Adverse events can be categorized as fatal, life-threatening, serious, or significant. Events resulting in permanent disability included stroke, intracranial bleeding events, hemorrhagic injury to the eye, and drug-induced pulmonary injury. Deaths in one study were related to fatal bleeding, peptic ulcers, neutropenia/infection, hypoglycemia, drug toxicity related to lithium or digoxin, anaphylaxis, and complications of antibiotic-associated diarrhea (Lococo & Staplin, 2006).

In the same study, the most common types of preventable adverse drug events were:

  • Electrolyte/renal (27%)
  • Gastrointestinal tract (21%)
  • Hemorrhagic (16%)
  • Metabolic/endocrine (14%)
  • Neuropsychiatric (9%)

The most common medication categories associated with preventable ADEs were:

  • Cardiovascular medications (24.5% of the ADEs)
  • Diuretics (22.1% of the ADEs)
  • Nonopioid analgesics (15.4% of the ADEs)
  • Hypoglycemics (10.9% of the ADEs)
  • Anticoagulants (10.2% of the ADEs) (Lococo & Staplin, 2006)

Adverse drug events can result from errors in prescribing or administering medication or from patient noncompliance.

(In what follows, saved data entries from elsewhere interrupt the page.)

Lemma sum_irregular_le (P : {set {set T}}) : eps_regular_partition eps G P ->
  \sum_(X in P) \sum_(Y in P | ~~ eps_regular_pair eps G X Y) (#|X| * #|Y|)%:R
    <= eps * (#|T| ^ 2)%:R.
Proof.
move=> [partP cover_reg]; have trivP : trivIset P by case/and3P: partP.
set reg := fun X Y => eps_regular_pair eps G X Y.
set Reg := [set p : T * T | reg (pblock P p.1) (pblock P p.2)].
have -> : \sum_(X in P) \sum_(Y in P | ~~ reg X Y) (#|X| * #|Y|)%:R =
    #|~: Reg|%:R :> R.
  rewrite (_ : ~: Reg = [set p : T * T | ~~ reg (pblock P p.1) (pblock P p.2)]).
    rewrite (card_pairs_pblock partP (fun X Y => ~~ reg X Y)) natr_sum.
    by under eq_bigr do rewrite natr_sum.
  by apply/setP => p; rewrite !inE.
have covered_reg : (1 - eps) * (#|T| ^ 2)%:R <= #|Reg|%:R.
  apply: le_trans cover_reg _; rewrite ler_nat; apply: subset_leq_card.
  apply/subsetP => p; rewrite !inE => /existsP[X /andP[XP /existsP[Y /andP[YP]]]].
  case/and3P=> regXY p1X p2Y.
  by rewrite (def_pblock trivP XP p1X) (def_pblock trivP YP p2Y).
have := cardsC Reg; rewrite card_prod mulnn => /(congr1 (GRing.natmul (1 : R))).
rewrite natrD; lra.
Qed.

End Regularity.

Section Blowup.
Variables (U T : finType) (n : nat) (H : rel U) (G : rel T) (f : T -> U).

Definition fibre (u : U) : {set T} := [set x | f x == u].

Lemma sum_card_fibreI (X : {set T}) : (\sum_u #|X :&: fibre u|)%N = #|X|.
Proof.
rewrite -sum1_card (partition_big f xpredT) //=; apply: eq_bigr => u _.
by rewrite -sum1_card; apply: eq_bigl => x; rewrite !inE.
Qed.

Hypothesis blowupG : is_blowup n H G f.
(* An empty peer gets chunk i only if i is rare in its sample. *)
Lemma dSplus_le_prob_rare :
  dSplus R x i <= 3 * freq (Shold x i) * freq (Sbar x i) ^+ 2.
Proof.
rewrite -prob_rare; apply: ler_expect3 => A B C.
case: ifP => rareA; last by rewrite ler0n.
by rewrite invf_le1 ?ler1n ?ltr0n //; apply/card_gt0P; exists i; rewrite inE.
Qed.

(* A peer lacking i, other than the peers of profile [set~ i], downloads with
   probability at least p u^2: if empty, whenever i is rare; otherwise it holds
   at most k-2 chunks and downloads whenever its draw holds i. *)
Lemma pdl_lacking (P : {set 'I_k}) : i \notin P -> P != [set~ i] ->
  freq (Shold x i) * freq (Sbar x i) ^+ 2 <= pdl R x P.
Proof.
move=> iP PQ.
have p_ge0 := freq_ge0 (Shold x i); have u_ge0 := freq_ge0 (Sbar x i).
have pu1 := freq_hold_lack.
rewrite /pdl; case: ifP => [_|_]; [|case: ifP => small].
- apply: le_trans (_ : 3 * freq (Shold x i) * freq (Sbar x i) ^+ 2 <= _).
    have : 0 <= freq (Shold x i) * freq (Sbar x i) ^+ 2 by rewrite mulr_ge0 ?exprn_ge0.
    lra.
  rewrite -prob_rare; apply: ler_expect3 => A B C; apply: ler_indicator => rareA.
  by apply/existsP; exists i.
- apply: le_trans (_ : freq (Shold x i) <= _).
    by rewrite -[leRHS]mulr1 ler_wpM2l // expr_le1 //; lra.
  rewrite -freq_hold; apply: ler_expect1 => A; apply: ler_indicator => iA.
  by apply: contra iP => /subsetP; apply.
- have : P \proper [set~ i] by rewrite properEneq PQ subsetC sub1set inE.
  by move/proper_card; rewrite cardsC1 card_ord; lia.
Qed.

Lemma last_chunk_served (A B C : {set 'I_k}) :
  (2 <= (A == [set~ i]) + (B == [set~ i]) + (C == [set~ i]))%N ->
  (i \in A) || (i \in B) || (i \in C) ->
  [exists j, (j \notin [set~ i]) && (0 < nhold A B C j)%N] &&
  [forall j, (j \in [set~ i]) ==> (2 <= nhold A B C j)%N].
Proof.
move=> twoQ iABC; apply/andP; split.
  apply/existsP; exists i; rewrite !inE eqxx /= /nhold.
  by move: iABC; case: (i \in A); case: (i \in B); case: (i \in C).
apply/forallP => j; apply/implyP => jQ.
have QD (D : {set 'I_k}) : ((D == [set~ i]) <= (j \in D))%N.
  by case: eqP => // ->; rewrite jQ.
by apply: leq_trans twoQ _; rewrite !leq_add.
Qed.

(* The three ways "two draws are [set~ i], the third holds i" are disjoint
   (no draw of profile [set~ i] holds i), and each triggers a download. *)
Lemma last_chunk_download (A B C : {set 'I_k}) :
  (((A == [set~ i]) && (B == [set~ i]) && (i \in C)) +
   ((A == [set~ i]) && (i \in B) && (C == [set~ i])) +
   ((i \in A) && (B == [set~ i]) && (C == [set~ i])) <=
  [exists j, (j \notin [set~ i]) && (0 < nhold A B C j)%N] &&
  [forall j, (j \in [set~ i]) ==> (2 <= nhold A B C j)%N])%N.
Proof.
have iQ : (i \in [set~ i]) = false by rewrite !inE eqxx.
case: (eqVneq A [set~ i]) => [->|nA]; case: (eqVneq B [set~ i]) => [->|nB];
  case: (eqVneq C [set~ i]) => [->|nC]; rewrite ?iQ /= ?andbF ?andbT ?addn0 ?add0n //;
  case: (boolP (i \in _)) => // iD; rewrite last_chunk_served ?eqxx ?iD ?orbT //; lia.
Qed.

Lemma pdl_last_chunk : (2 <= k)%N ->
  3 * freq (x [set~ i]) ^+ 2 * freq (Shold x i) <= pdl R x [set~ i].
Proof.
move=> k2.
have QT : [set~ i] != setT by apply/eqP => /setP /(_ i); rewrite !inE eqxx.
pose prof (A : {set 'I_k}) : R := (A == [set~ i])%:R.
pose hold (A : {set 'I_k}) : R := (i \in A)%:R.
have -> : 3 * freq (x [set~ i]) ^+ 2 * freq (Shold x i) =
    expect3 (fun A B C => prof A * prof B * hold C) +
    expect3 (fun A B C => prof A * hold B * prof C) +
    expect3 (fun A B C => hold A * prof B * prof C).
  rewrite (expect3_prod prof prof) (expect3_prod prof hold) (expect3_prod hold prof).
  by rewrite freq_profile // freq_hold; ring.
rewrite /pdl cardsC1 card_ord ifF; last by lia.
rewrite ifF; last by lia.
rewrite -!expect3D; apply: ler_expect3 => A B C.
by rewrite -!natr_and3 -!natrD ler_nat last_chunk_download.
Qed.

Definition other_lackers : nat :=
  \sum_(P : {set 'I_k} | (i \notin P) && (P != [set~ i])) x P.

Lemma lacking_not_full (P : {set 'I_k}) : i \notin P -> P != setT.
Proof. by apply: contraNneq => ->; rewrite inE. Qed.

Lemma Sbar_split : Sbar x i = (x [set~ i] + other_lackers)%N.
Proof.
have weight_lacking (P : {set 'I_k}) : i \notin P -> weight x P = x P.
  by move=> /lacking_not_full /negbTE PT; rewrite /weight PT addn0.
rewrite Sbar_sum (bigD1 [set~ i]) ?inE ?eqxx //= weight_lacking ?inE ?eqxx //.
by congr (_ + _)%N; apply: eq_bigr => P /andP[iP _]; rewrite weight_lacking.
Qed.
Lemma sparse_union_density0 X (P : nat -> set nat) KX (K : nat -> nat) :
  (forall m, count_lt X m <= KX)%N -> (forall j m, count_lt (P j) m <= K j)%N ->
  (forall j, sparse j (P j)) -> Idens0 (X `|` \bigcup_j P j).
Proof.
move=> XK PK Psparse; apply/upper_density_eq0P => r.
pose J := r.+2; pose K0 := (KX + \sum_(j < J) K j)%N.
exists (maxn J (2 * (r.+1 * K0))) => m; rewrite geq_max => /andP[Jm K0m].
set T := (\sum_(J <= j < m) count_lt (P j) m)%N.
have head_tail : (\sum_(j < m) count_lt (P j) m =
    \sum_(j < J) count_lt (P j) m + T)%N.
  by rewrite /T -!(big_mkord xpredT (fun j => count_lt (P j) m)) (big_cat_nat (n := J)).
have head_le : (\sum_(j < J) count_lt (P j) m <= \sum_(j < J) K j)%N.
  by apply: leq_sum => j _; apply: PK.
have tail_le : (2^J * T <= 2 * m)%N.
  have := sparse_geometric_sum _ _ J (m - J) (fun j => Psparse j m).
  rewrite expnS expnD subnKC // -/T => h.
  by rewrite -(@leq_pmul2l (2^(m - J))) ?expn_gt0 //; lia.
have pow_J : (4 * r.+1 <= 2^J)%N.
  by rewrite /J !expnS mulnA leq_pmul2l //; apply: ltn_expl.
have := count_lt_union_sparse X P m Psparse; have := XK m.
rewrite head_tail /K0 in K0m *; nia.
Qed.

Lemma blowup_not_clone F : blowup F -> ~ C_Idens0 F.
Proof.
move=> [q [a Fqa]] Fclone.
have /choice[pm Fpm] : forall j, exists pm : nat * nat,
    [/\ (j <= pm.2)%N, sparse j (decode_set pm.1) &
        (pm.2 < q.+1 * count_lt (op_image F (decode_set a `|` decode_set pm.1)) pm.2)%N].
  by move=> j; have [p [m h]] := Fqa j j; exists (p, m).
pose A := decode_set a `|` \bigcup_j decode_set (pm j).1.
have A0 : Idens0 A.
  apply: (sparse_union_density0 _ _ (decode_size a)
    (fun j => decode_size (pm j).1)) => [m|j m|j].
  - exact: count_lt_decode_set.
  - exact: count_lt_decode_set.
  - by case: (Fpm j).
have [N FAN] := (upper_density_eq0P _).1 (Fclone A A0) q.
have [Nm _ large] := Fpm N.
have : (count_lt (op_image F (decode_set a `|` decode_set (pm N).1)) (pm N).2
        <= count_lt (op_image F A) (pm N).2)%N.
  by apply/subset_count_lt/op_image_subset => x [ax|px]; [left|right; exists N].
have := FAN _ Nm; nia.
Qed.

Lemma sparse_tail j (A T : set nat) N :
  (forall m, (N <= m)%N -> (2^j * count_lt A m <= m)%N) ->
  T `<=` [set x | A x /\ (N <= x)%N] -> sparse j T.
Proof.
move=> AN TA m; have [mN|Nm] := ltnP m N.
  by rewrite count_lt_eq0 ?muln0 // => x /TA [_]; apply: leq_trans (ltnW mN).
apply: leq_trans (AN _ Nm); rewrite leq_mul2l; apply/orP; right.
by apply: subset_count_lt => x /TA [].
Qed.

Lemma count_op_image_finite_witness (F : Op) (X T : set nat) m :
  exists s : seq nat, (forall x, x \in s -> T x) /\
  (count_lt (op_image F (X `|` T)) m <= count_lt (op_image F (X `|` [set x | x \in s])) m)%N.
Proof.
elim: m => [|m [s [sT IH]]].
  by exists [::]; split => [x|]; rewrite ?in_nil // /count_lt !big_ord0.
case: (boolP (m \in op_image F (X `|` T))) => [Fm|nFm]; last first.
  exists s; split => //; rewrite !count_ltS (negbTE nFm) addn0.
  exact: leq_trans IH (leq_addr _ _).
have [t XTt Ft] := set_mem Fm.
pose s' := [seq x <- tval t | `[< T x >]] ++ s.
have ss' : [set x | x \in s] `<=` [set x | x \in s'].
  by move=> x /= xs; rewrite mem_cat xs orbT.
exists s'; split.
  move=> x; rewrite mem_cat mem_filter => /orP[/andP[/asboolP //]|].
  exact: sT.
rewrite !count_ltS Fm.
have -> : m \in op_image F (X `|` [set x | x \in s']).
  apply: mem_set; exists t => // i.
  case: (XTt i) => [Xi|Ti]; [by left|right].
  by rewrite /= mem_cat mem_filter (asboolT Ti) /= mem_tnth.
rewrite leq_add2r; apply: leq_trans IH _.
by apply/subset_count_lt/op_image_subset => x [Xx|sx]; [left|right; apply: ss'].
Qed.

Lemma window_indicator_sum_le1 (b : nat -> nat) : (forall r, (b r <= b r.+1)%N) ->
  forall x R, (\sum_(r < R) ((b r <= x) && (x < b r.+1)) <= 1)%N.
Proof.
move=> bS x; elim => [|R IH]; first by rewrite big_ord0.
rewrite big_ord_recr /=.
case: (boolP ((b R <= x) && (x < b R.+1))) => [/andP[bRx _]|_]; last by rewrite addn0.
rewrite big1 // => r _; suff -> : (b r <= x) && (x < b r.+1) = false by [].
apply/negbTE; rewrite negb_and -leqNgt; apply/orP; right.
apply: leq_trans bRx.
have b_mono := @homo_leq _ b (fun x y => (x <= y)%N) leqnn
  (fun y x z => @leq_trans y x z) bS.
by apply: b_mono; apply: ltn_ord.
Qed.

Definition outside_window (A : set nat) (b : nat -> nat) (r : nat) :=
  [set x | A x /\ ~~ ((b r <= x) && (x < b r.+1))%N].

(* A point of f[A^k], the image of a k-tuple t, lies in f[(A minus window r)^k]
   for every window r that t avoids, and t meets at most k of the windows. *)
Lemma op_image_outside_windows (F : Op) (A : set nat) (b : nat -> nat) R i :
  (forall r, (b r <= b r.+1)%N) ->
  (R * (i \in op_image F A) <=
   \sum_(r < R) (i \in op_image F (outside_window A b r)) +
   arity F * (i \in op_image F A))%N.
Proof.
move=> bS; case: (boolP (i \in op_image F A)) => [FAi|_]; last by rewrite muln0.
have [t At Fti] := set_mem FAi; rewrite !muln1.
pose hits r := (\sum_(l < arity F) ((b r <= tnth t l) && (tnth t l < b r.+1)))%N.
have hits_or_image r : (1 <= (i \in op_image F (outside_window A b r)) + hits r)%N.
  case: (posnP (hits r)) => [/eqP|]; last by rewrite addn_gt0 orbC => ->.
  rewrite sum_nat_eq0 => /forallP hits0.
  suff -> : i \in op_image F (outside_window A b r) by [].
  by apply: mem_set; exists t => // l; split; [apply: At|have := hits0 l; case: (_ && _)].
have sum_hits : (\sum_(r < R) hits r <= arity F)%N.
  rewrite exchange_big /=; apply: (@leq_trans (\sum_(l < arity F) 1)%N).
    by apply: leq_sum => l _; apply: window_indicator_sum_le1.
  by rewrite sum_nat_const card_ord muln1.
have : (R <= \sum_(r < R) (i \in op_image F (outside_window A b r)) +
            \sum_(r < R) hits r)%N.
  rewrite -big_split /= -[X in (X <= _)%N]card_ord -sum1_card.
  by apply: leq_sum => r _; apply: hits_or_image.
lia.
Qed.

Lemma count_op_image_outside_windows (F : Op) (A : set nat) (b : nat -> nat) R m :
  (forall r, (b r <= b r.+1)%N) ->
  (R * count_lt (op_image F A) m <=
   \sum_(r < R) count_lt (op_image F (outside_window A b r)) m +
   arity F * count_lt (op_image F A) m)%N.
Proof.
move=> bS; rewrite /count_lt exchange_big /= !big_distrr -big_split /=.
by apply: leq_sum => i _; apply: op_image_outside_windows.
Qed.

Lemma not_blowup_atP q a F : ~ blowup_at q a F ->
  exists j N, forall p m, (N <= m)%N -> sparse j (decode_set p) ->
  (q.+1 * count_lt (op_image F (decode_set a `|` decode_set p)) m <= m)%N.
Proof.
move=> Fqa; apply: contrapT => nex; apply: Fqa => j N.
apply: contrapT => nFjN; apply: nex; exists j, N => p m Nm psparse.
by rewrite leqNgt; apply/negP => mF; apply: nFjN; exists p, m.
Qed.

Section NoBlowup.
Variables (F : Op) (A : set nat) (q : nat).
Hypotheses (A0 : Idens0 A) (noblowup : forall a, ~ blowup_at q a F).

Lemma tail_control b : exists bN : nat * nat, (b <= bN.1)%N /\
  forall T, T `<=` [set x | A x /\ (bN.1 <= x)%N] -> forall m, (bN.2 <= m)%N ->
  (q.+1 * count_lt (op_image F ([set x | A x /\ (x < b)%N] `|` T)) m <= m)%N.
Proof.
pose s := [seq x <- iota 0 b | `[< A x >]].
have sE : decode_set (pickle s) = [set x | A x /\ (x < b)%N].
  rewrite decode_set_pickle; apply/seteqP; split => x /=;
    rewrite mem_filter mem_iota add0n /=; first by move=> /andP[/asboolP].
  by move=> [Ax xb]; rewrite (asboolT Ax) xb.
have [j [N control]] := not_blowup_atP _ _ _ (noblowup (pickle s)).
have [N1 AN1] := (upper_density_eq0P A).1 A0 (2^j).-1.
rewrite prednK ?expn_gt0 // in AN1.
exists (maxn b N1, N); split => [|T TA m Nm]; first exact: leq_maxl.
have [s' [s'T FTs']] := count_op_image_finite_witness F [set x | A x /\ (x < b)%N] T m.
apply: leq_trans (leq_mul (leqnn _) FTs') _.
have := control (pickle s') m Nm; rewrite sE decode_set_pickle; apply.
apply: (sparse_tail _ _ _ _ AN1) => x /s'T /TA [Ax bx].
by split => //; apply: leq_trans (leq_maxr b N1) bx.
Qed.

Lemma count_op_image_le_double : exists N, forall m, (N <= m)%N ->
  (q.+1 * count_lt (op_image F A) m <= 2 * m)%N.
Proof.
have /choice[step stepP] := tail_control.
pose b r := iter r (fun c => (step c).1) 0.
have bS r : (b r <= b r.+1)%N by case: (stepP (b r)).
pose R := (arity F).*2.
exists (\max_(r < R) (step (b r)).2) => m Nm.
have window r : (r < R)%N ->
    (q.+1 * count_lt (op_image F (outside_window A b r)) m <= m)%N.
  move=> rR; have [_ control] := stepP (b r).
  have Nrm : ((step (b r)).2 <= m)%N.
    by apply: leq_trans Nm; apply: (leq_bigmax (Ordinal rR)).
  apply: leq_trans (control [set x | A x /\ (b r.+1 <= x)%N] _ m Nrm);
    first rewrite leq_mul2l; last by move=> x [].
  apply/orP; right; apply/subset_count_lt/op_image_subset => x [Ax].
  by rewrite negb_and -ltnNge -leqNgt => /orP[]; [left|right].
have sum_windows : (q.+1 * \sum_(r < R) count_lt (op_image F (outside_window A b r)) m
    <= R * m)%N.
  rewrite big_distrr /= -[R in (_ <= R * m)%N]card_ord -sum_nat_const.
  by apply: leq_sum => r _; apply: window.
have := count_op_image_outside_windows F A b R m bS.
set c := count_lt _ m; set S := \sum_(r < R) _ => windows_cover.
have aF0 : (0 < arity F)%N by [].
have : (arity F * c <= S)%N by rewrite /R -addnn mulnDl leq_add2r in windows_cover.
rewrite -(leq_pmul2l (ltn0Sn q)) => /leq_trans/(_ sum_windows).
rewrite /R -muln2 => le2; rewrite -(leq_pmul2l aF0); lia.
Qed.

End NoBlowup.

Lemma clone_of_no_blowup F : ~ blowup F -> C_Idens0 F.
Proof.
move=> nF A A0; apply/upper_density_eq0P => q.
have noblowup a : ~ blowup_at q.*2.+1 a F by move=> Fa; apply: nF; exists q.*2.+1, a.
have [N FAN] := count_op_image_le_double F A q.*2.+1 A0 noblowup.
exists N => m /FAN; rewrite -addnn; nia.
Qed.

Theorem mainTheorem2 : O_Borel C_Idens0.
Proof.
have -> : C_Idens0 = ~` blowup.
  apply/seteqP; split => F; first by move=> FC /blowup_not_clone.
  exact: clone_of_no_blowup.
by apply: O_BorelC; apply: O_Borel_blowup.
Qed.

The percentage of community-dwelling elder Americans who had at least 1 of the 33 drugs considered potentially inappropriate for older adults improved significantly from 21.3% in 1996 to 18.4% in 2002. The percentage of community-dwelling elders who had 1 of 11 drugs that should always be avoided by older adults remained at about 3% over the 6-year time period between 1996 and 2002 (AHRQ, 2015).

An analysis of ED visits between 1992 and 2000 of patients 65 and older estimated that inappropriate medications were given in 12.6% of the visits. The top six drugs involved in inappropriate administration (accounting for 70.8% of all cases) were promethazine (22.2%), meperidine (18.0%), propoxyphene (17.2%), hydroxyzine (10.3%), diphenhydramine (7.1%), and diazepam (6.0%) (Zagaria, 2006).

Propoxyphene (Darvon) has been discontinued due to cardiac events; meperidine is known to have paradoxic excitatory effects in patients, producing a range of symptoms from tremor to myoclonus and seizure. Many persons having a seizure following exposure to meperidine might then be placed long-term on an anti-convulsant medication to control a medication-related incident, thereby compounding the list of medications a patient is receiving.

The great irony in medicine is of giving a patient a medication for a disease, and then another medication for its side effects, and following it with another medication or two or more to counter those side effects—and the negative viscious cycle continues.

Often, any diagnosis indicating an appropriate use of these medications is absent, or testing confirming the ongoing need for medication is omitted. The practice then becomes one of continuation without questioning. This practice is perpetuated when the patient does not have a consistent medical provider or medical home.

In elders, lower initial doses should be used and upward titration done at a slower rate than in younger patients. Use of a single medication within a class should be optimized before a second medication from the same class is added, and the patient should always be carefully questioned to determine that the desired effect from a medication is achieved. Side effects and the desired outcome of the medication should be agreed upon with the patient rather than just a clinican-based decision.